WHEN Nollaig Osborne arrives at the national school in Collinamuck Co Galway, the first thing she does is turn a switch on an antiquated oil stove in her classroom.
The teacher waits for the oil to run into the bottom of the stove, then drops in a lighted firelighter.
If she's lucky and the day is calm the classroom is warm by about 11 a.m. But if there is a wind it rushes through vents in the gable ends of the school and underneath the wooden floor, drawing away what little heat has been generated.
"On a windy day you can see the floor covering actually billowing up," she says. "I spend a lot of my time bringing the little ones up to the stove, heating their hands because they cannot hold pencils or crayons.
Little has happened to the two teacher school since it was built in 1942. It is now in urgent need of repair.
Some of the windows are rotting, and the roof leaks. The teachers cloakroom is literally a toilet with a phone. In winter the corridor can become a cold and dangerous skating rink.
"There are ceramic tiles on the floor and of course there is no insulation underneath, so you have condensation on the floor and on the walls. The corridor is like a freezer," she says.
The school was on the Department of Education's priority building list in 1995. But somehow it did not appear on this year's list, even though plans were drawn up and approved and the Department publicly invited tenders for the work in an advertisement published last July.
"We assumed we would be on the January list but other schools appeared on it that hadn't been there before. They were in north Kerry and in Meath. Maybe the politicians there were working very hard, maybe ours let us down, but definitely it's very suspect," says Ms Osborne.

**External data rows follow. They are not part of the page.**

(* Let $q\neq-1$ be real and $n\ge0$. Then $$U_n(x,s,q)=\sum_{k=0}^{\lfloor n/2\rfloor}q^{k^2}\begin{bmatrix} n-k\\ k\end{bmatrix}(1+q^{k+1})\cdots(1+q^{n-k})\,s^kx^{n-2k}.$$
   Context: $U_n(x,s,q)$ is defined by $U_{-1}=0$, $U_0=1$, $U_n(x,s,q)=(1+q^{n})x\,U_{n-1}(x,s,q)+q^{n-1}s\,U_{n-2}(x,s,q)$ for $n\ge1$. Notation: $[m]=1+q+\cdots+q^{m-1}$, $[m]!=[1]\cdots[m]$, $\begin{bmatrix} m\\ j\end{bmatrix}=\frac{[m]!}{[j]![m-j]!}$. Empty products equal $1$. *)

From mathcomp Require Import all_boot all_order all_algebra.
Set Implicit Arguments. Unset Strict Implicit. Unset Printing Implicit Defensive.
Import Order.TTheory GRing.Theory Num.Theory.
Local Open Scope ring_scope.

Definition qint (R : nzRingType) (q : R) (m : nat) : R := \sum_(i < m) q ^+ i.

Definition qfact (R : nzRingType) (q : R) (m : nat) : R :=
  \prod_(i < m) qint q i.+1.

Definition qbinom (R : fieldType) (q : R) (m j : nat) : R :=
  qfact q m / (qfact q j * qfact q (m - j)).

(* U_n(x,s,q): U_{-1} = 0, U_0 = 1,
   U_n = (1+q^n) x U_{n-1} + q^(n-1) s U_{n-2}  (n >= 1).
   Here U_1 = (1+q) x (since U_{-1} = 0), and for n >= 0,
   U_{n+2} = (1+q^(n+2)) x U_{n+1} + q^(n+1) s U_n. *)
Fixpoint Upoly (R : nzRingType) (x s q : R) (n : nat) : R :=
  match n with
  | 0 => 1
  | 1 => (1 + q) * x
  | (m.+1 as n').+1 => (1 + q ^+ n'.+1) * x * Upoly x s q n' + q ^+ n' * s * Upoly x s q m
  end.

From mathcomp Require Import all_boot all_order all_algebra.
From mathcomp Require Import ring zify.
Import Order.TTheory GRing.Theory Num.Theory.
Set Implicit Arguments. Unset Strict Implicit. Unset Printing Implicit Defensive.
Local Open Scope ring_scope.

(** Let [Utrunc n k] be the [k]-th summand, set to [0] when [2k > n].  The
   recurrence of [U] holds termwise: [Utrunc (n+2) (j+1)] equals
   [(1 + q^(n+2)) x Utrunc (n+1) (j+1) + q^(n+1) s Utrunc n j], which after clearing the
   common factors is the q-Pascal rule
   [[m+1, j+1] = [m, j+1] + q^(m-j) [m, j]] combined with the absorption
   identity [(1 - q^(m-j)) [m, j] = (1 - q^(j+1)) [m, j+1]].  The hypothesis [q <> -1] is only
   needed to make the Gaussian binomials well defined: over an ordered field,
   [[m] = 0] forces [q^m = 1] with [q <> 1]. *)

Section QInt.
Variables (R : comNzRingType) (q : R).

Lemma qintS m : qint q m.+1 = qint q m + q ^+ m.
Proof. by rewrite /qint big_ord_recr. Qed.

Lemma qint_add a b : qint q (a + b) = qint q a + q ^+ a * qint q b.
Proof.
elim: b => [|b IH]; first by rewrite addn0 /qint big_ord0 mulr0 addr0.
by rewrite addnS !qintS IH exprD; ring.
Qed.

Lemma qint_telescope m : (1 - q) * qint q m = 1 - q ^+ m.
Proof.
elim: m => [|m IH]; first by rewrite /qint big_ord0 mulr0 subrr.
by rewrite qintS mulrDr IH exprS; ring.
Qed.

Lemma qint1 m : qint 1 m = m%:R :> R.
Proof. by rewrite /qint (eq_bigr (fun=> 1)) ?sumr_const ?card_ord // => i; rewrite expr1n. Qed.

Lemma qfactS m : qfact q m.+1 = qfact q m * qint q m.+1.
Proof. by rewrite /qfact big_ord_recr. Qed.

Lemma qfact0 : qfact q 0 = 1.
Proof. by rewrite /qfact big_ord0. Qed.

End QInt.

Lemma qint_neq0 (R : realDomainType) (q : R) m : q != -1 -> qint q m.+1 != 0.
Proof.
move=> qN1; have [->|q1] := eqVneq q 1; first by rewrite qint1 pnatr_eq0.
apply: contra_neq q1 => qm0.
have /eqP := qint_telescope q m.+1; rewrite qm0 mulr0 eq_sym subr_eq0 => /eqP qm1.
have : `|q| ^+ m.+1 == 1 by rewrite -normrX -qm1 normr1.
rewrite pexpr_eq1 // => /eqP; have [q0|q0] := lerP 0 q.
  by rewrite ger0_norm.
by rewrite ltr0_norm // => /eqP; rewrite eqr_oppLR => /eqP qe; rewrite qe eqxx in qN1.
Qed.

Section QBinom.
Variables (R : fieldType) (q : R).
Hypothesis qint_nz : forall m, qint q m.+1 != 0.

Lemma qfact_neq0 m : qfact q m != 0.
Proof.
elim: m => [|m IH]; first by rewrite qfact0 oner_eq0.
by rewrite qfactS mulf_neq0.
Qed.

Lemma qbinomn0 m : qbinom q m 0 = 1.
Proof. by rewrite /qbinom subn0 qfact0 mul1r divff // qfact_neq0. Qed.

Lemma qbinomnn m : qbinom q m m = 1.
Proof. by rewrite /qbinom subnn qfact0 mulr1 divff // qfact_neq0. Qed.

Lemma qbinomS j r :
  qbinom q (j + r).+2 j.+1 =
  qbinom q (j + r).+1 j.+1 + q ^+ r.+1 * qbinom q (j + r).+1 j.
Proof.
rewrite /qbinom.
have -> : ((j + r).+2 - j.+1 = r.+1)%N by lia.
have -> : ((j + r).+1 - j.+1 = r)%N by lia.
have -> : ((j + r).+1 - j = r.+1)%N by lia.
rewrite qfactS (qfactS q j) (qfactS q r).
have -> : ((j + r).+2 = r.+1 + j.+1)%N by lia.
by rewrite qint_add; field; rewrite !qfact_neq0 !qint_nz.
Qed.

Lemma qbinom_absorb j r :
  (1 - q ^+ r.+1) * qbinom q (j + r).+1 j =
  (1 - q ^+ j.+1) * qbinom q (j + r).+1 j.+1.
Proof.
rewrite -!qint_telescope /qbinom.
have -> : ((j + r).+1 - j.+1 = r)%N by lia.
have -> : ((j + r).+1 - j = r.+1)%N by lia.
rewrite (qfactS q j) (qfactS q r).
by field; rewrite !qfact_neq0 !qint_nz.
Qed.

End QBinom.

Section Expansion.
Variables (R : fieldType) (x s q : R).
Hypothesis qint_nz : forall m, qint q m.+1 != 0.

Definition Uterm n k : R :=
  q ^+ (k * k) * qbinom q (n - k) k
  * (\prod_(k.+1 <= i < (n - k).+1) (1 + q ^+ i))
  * s ^+ k * x ^+ (n - 2 * k).

Definition Utrunc n k : R := if (2 * k <= n)%N then Uterm n k else 0.

Lemma Utrunc_rec0 n : Utrunc n.+2 0 = (1 + q ^+ n.+2) * x * Utrunc n.+1 0.
Proof.
rewrite /Utrunc /Uterm /= !subn0 !muln0 !qbinomn0 // big_nat_recr //= !expr0.
by rewrite (exprS x n.+1); ring.
Qed.

Lemma Uterm_rec_edge j :
  Uterm (j + j).+2 j.+1 = q ^+ (j + j).+1 * s * Uterm (j + j) j.
Proof.
rewrite /Uterm.
have -> : ((j + j).+2 - j.+1 = j.+1)%N by lia.
have -> : ((j + j) - j = j)%N by lia.
have -> : ((j + j).+2 - 2 * j.+1 = 0)%N by lia.
have -> : ((j + j) - 2 * j = 0)%N by lia.
have -> : (j.+1 * j.+1 = j * j + (j + j).+1)%N by nia.
rewrite !qbinomnn // !big_geq // !(exprS, exprD, expr0); ring.
Qed.

Lemma Uterm_rec j r :
  Uterm (j + j + r).+3 j.+1 =
  (1 + q ^+ (j + j + r).+3) * x * Uterm (j + j + r).+2 j.+1
  + q ^+ (j + j + r).+2 * s * Uterm (j + j + r).+1 j.
Proof.
rewrite /Uterm.
have -> : ((j + j + r).+3 - j.+1 = (j + r).+2)%N by lia.
have -> : ((j + j + r).+2 - j.+1 = (j + r).+1)%N by lia.
have -> : ((j + j + r).+1 - j = (j + r).+1)%N by lia.
have -> : ((j + j + r).+3 - 2 * j.+1 = r.+1)%N by lia.
have -> : ((j + j + r).+2 - 2 * j.+1 = r)%N by lia.
have -> : ((j + j + r).+1 - 2 * j = r.+1)%N by lia.
have -> : (j.+1 * j.+1 = j * j + (j + j).+1)%N by nia.
rewrite big_nat_recr /=; last by lia.
rewrite (big_ltn (m := j.+1)); last by lia.
rewrite qbinomS //.
set Q := \prod_(j.+2 <= i < (j + r).+2) _.
set B := qbinom q (j + r).+1 j.+1; set B' := qbinom q (j + r).+1 j.
have absorb := qbinom_absorb qint_nz j r; rewrite -/B -/B' in absorb.
apply/eqP; rewrite -subr_eq0; apply/eqP; rewrite !(exprS, exprD).
(* the difference is a multiple of the absorption identity *)
transitivity (q ^+ (j * j) * Q * s * s ^+ j * x * x ^+ r
   * (q ^+ j * q ^+ j * q ^+ j * q ^+ r * q * q * q)
   * ((1 - q * q ^+ j) * B - (1 - q * q ^+ r) * B')); first ring.
by rewrite -!exprS absorb subrr mulr0.
Qed.

Lemma Utrunc_rec n j :
  Utrunc n.+2 j.+1 =
  (1 + q ^+ n.+2) * x * Utrunc n.+1 j.+1 + q ^+ n.+1 * s * Utrunc n j.
Proof.
rewrite /Utrunc; have [ltn|len] := ltnP n (2 * j)%N.
  have -> : (2 * j.+1 <= n.+2)%N = false by lia.
  have -> : (2 * j.+1 <= n.+1)%N = false by lia.
  by rewrite !mulr0 addr0.
have -> : (2 * j.+1 <= n.+2)%N by lia.
have [->|neq] := eqVneq n (2 * j)%N.
  have -> : (2 * j.+1 <= (2 * j).+1)%N = false by lia.
  have -> : (2 * j = j + j)%N by lia.
  by rewrite mulr0 add0r Uterm_rec_edge.
have -> : (2 * j.+1 <= n.+1)%N by lia.
have [r ->] : exists r, n = (j + j + r).+1 by exists (n - (j + j)).-1; lia.
exact: Uterm_rec.
Qed.

Lemma sum_Utrunc n N :
  (n < N)%N -> \sum_(k < N) Utrunc n k = \sum_(k < n./2.+1) Uterm n k.
Proof.
move=> nN; rewrite (big_ord_widen N (Uterm n)); last by lia.
rewrite [RHS]big_mkcond /=; apply: eq_bigr => k _; rewrite /Utrunc.
by have -> : (k < n./2.+1)%N = (2 * k <= n)%N by apply/idP/idP; lia.
Qed.

Lemma Upoly_sum_Utrunc n : Upoly x s q n = \sum_(k < n.+1) Utrunc n k.
Proof.
suff: Upoly x s q n = \sum_(k < n.+1) Utrunc n k /\
      Upoly x s q n.+1 = \sum_(k < n.+2) Utrunc n.+1 k by case.
elim: n => [|n [IHn IHn1]].
  split; first by rewrite big_ord1 /Utrunc /Uterm /= qbinomn0 // big_geq // !expr0 !mulr1.
  rewrite big_ord_recr big_ord1 /Utrunc /Uterm /= qbinomn0 // big_nat1 !expr0 expr1 addr0.
  by ring.
split=> //; rewrite [Upoly _ _ _ n.+2]/= -/(Upoly x s q n) -/(Upoly x s q n.+1).
rewrite IHn1 IHn [RHS]big_ord_recl Utrunc_rec0.
rewrite [in RHS](eq_bigr (fun i : 'I_n.+2 =>
  (1 + q ^+ n.+2) * x * Utrunc n.+1 i.+1 + q ^+ n.+1 * s * Utrunc n i)) => [|i _];
  last exact: Utrunc_rec.
rewrite big_split -!mulr_sumr addrA -mulrDr.
have -> : Utrunc n.+1 0 + \sum_(i < n.+2) Utrunc n.+1 i.+1 =
          \sum_(i < n.+3) Utrunc n.+1 i by rewrite [RHS]big_ord_recl.
by rewrite !sum_Utrunc.
Qed.

End Expansion.

Theorem theorem2p3 (R : realFieldType) (x s q : R) (n : nat) :
  q != -1 ->
  Upoly x s q n =
  \sum_(k < n./2.+1)
     q ^+ (k * k) * qbinom q (n - k) k
     * (\prod_(k.+1 <= i < (n - k).+1) (1 + q ^+ i))
     * s ^+ k * x ^+ (n - 2 * k).
Proof.
move=> qN1; have qint_nz m := qint_neq0 m qN1.
by rewrite Upoly_sum_Utrunc // sum_Utrunc.
Qed.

A spokesman for the Department said the Minister, Ms Breathnach, decided the list each year, based on information available to her at the time. The Minister would later review the list and see what additional funding was available for more projects.

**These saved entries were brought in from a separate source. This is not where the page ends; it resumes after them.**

(* Let $\alpha,\beta\in\Bbbk^n$ and $\mathcal H=\mathcal H(\alpha,\beta,0)$, graded by path length. Then the total Hilbert series of $\mathcal H$ is $h^{\mathrm{tot}}_{\mathcal H}(t)=n(1-t)^{-2}(1-t^2)^{-1}$.
   Context: $\Bbbk$ is an algebraically closed field of characteristic zero. Fix $n\ge1$; indices are taken modulo $n$ and $Q_0=\{0,\dots,n-1\}$. Let $Q$ be the quiver with vertex set $Q_0$ and arrows $u_i:i\to i+1$ and $d_i:i+1\to i$ for each $i\in Q_0$. Paths are written left to right (target of each arrow equals source of the next), $e_i$ is the trivial path at $i$. For $\alpha,\beta\in\Bbbk^n$, $\mathcal H(\alpha,\beta,0)$ is $\Bbbk Q$ modulo the relations $d_{i-1}u_{i-1}u_i=\alpha_iu_id_iu_i+\beta_iu_iu_{i+1}d_{i+1}$ and $d_id_{i-1}u_{i-1}=\alpha_id_iu_id_i+\beta_iu_{i+1}d_{i+1}d_i$ for all $i\in Q_0$. It is $\mathbb N$-graded with $\deg u_i=\deg d_i=1$, $\deg e_i=0$. For a graded quotient $A=\Bbbk Q/I$, let $H_k\in M_n(\mathbb N)$ have $(i,j)$ entry $\dim_\Bbbk e_iA_ke_j$; the total Hilbert series $h_A^{\mathrm{tot}}(t)$ is the series whose coefficient of $t^k$ is the sum of the entries of $H_k$. *)

From HB Require Import structures.
From mathcomp Require Import all_boot all_order all_algebra.
Set Implicit Arguments. Unset Strict Implicit. Unset Printing Implicit Defensive.
Import GRing.Theory.
Local Open Scope ring_scope.

(* Quiver Q: vertices 'I_n, arrows (i, true) = u_i : i -> i+1,
   (i, false) = d_i : i+1 -> i (indices mod n via ordS / ord_pred). *)
Section Quiver.
Variable n : nat.

Definition arrow := ('I_n * bool)%type.
Definition u_ (i : 'I_n) : arrow := (i, true).
Definition d_ (i : 'I_n) : arrow := (i, false).
Definition src (a : arrow) : 'I_n := if a.2 then a.1 else ordS a.1.
Definition tgt (a : arrow) : 'I_n := if a.2 then ordS a.1 else a.1.

(* a path is a start vertex together with a word of arrows, written left to
   right (target of each arrow = source of the next) *)
Fixpoint valid_from (s : 'I_n) (w : seq arrow) : bool :=
  if w is a :: w' then (src a == s) && valid_from (tgt a) w' else true.
Definition endv (s : 'I_n) (w : seq arrow) : 'I_n := last s (map tgt w).

Variable F : fieldType.

Definition cand (k : nat) := ('I_n * k.-tuple arrow)%type.
(* ambient space with basis the candidates; kQ_k is the span of the valid ones *)
Definition amb (k : nat) := {ffun cand k -> F^o}.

Referring to the national school in Collinamuck, he explained that an asterisk beside it on the 1995 list meant it was one of several schools facing possible delays. "One cannot explain why it is not on this year's list, other than that the Minister decides from time to time what the priorities are," he said.
The Collinamuck case is not isolated, according to Mr Micheal O Riabhaigh, chairman of Gaelscoil Mhich Chiosog in Ennis, Co Clare. Like Collinamuck, the school featured on the 1995 list but the Department has yet to sanction building work and it is not on the current list.
The school is housed in a collection of seven prefabs most of which are more than 25 years old.
He tells a familiar tale of small rooms, inadequate heating and ventilation, and few, if any, facilities. Only huge voluntary commitment from parents and teachers has maintained the school for the past 15 years. They have raised more than £12,000 for essential work on it during this time.
A site for a proper school building has been bought, planning permission secured and a campaign for the necessary Departmental approval has continued since 1989.
Mr O Riabhaigh is angry that schools like his, which went by the book and did not seek to create a fuss in the media, have been "rewarded" by being bypassed for more vocal protesters.
He says building work is being sanctioned in schools such as Kilglass in east Galway and Urbleshanny in Co Monaghan simply because parents and teachers there succeeded in highlighting the plight of their schools on television.
In an election year, the last thing the Minister wants is parents protesting about inadequate facilities.
The immediate move to appease them has reinforced suspicions that the priority lists are based on criteria other than to service the most deserving schools, he said.
"It's not a priority list the Department has, it's a political list," he says in Irish. "That's the message we're getting back from the politicians."
A computer manager in a Shannon company, Mr O Riabhaigh is loath to take to the streets to claim what he feels is a basic right: the right to an education under the same conditions as everyone else. But he sees little option if he wants to get results. "It's terrible, but that is what they are saying to us we have to do.
Meanwhile, an examination of the Department's lists in recent years shows no apparent pattern in the way schools are ranked.
The lack of a clear explanation of the procedures used will lend weight to claims that such decisions are politically motivated.
In Kerry, for example, three schools appeared on the 1996 list but three different schools in the county appear on the current one. It could be inferred that someone down there is working very hard on their behalf.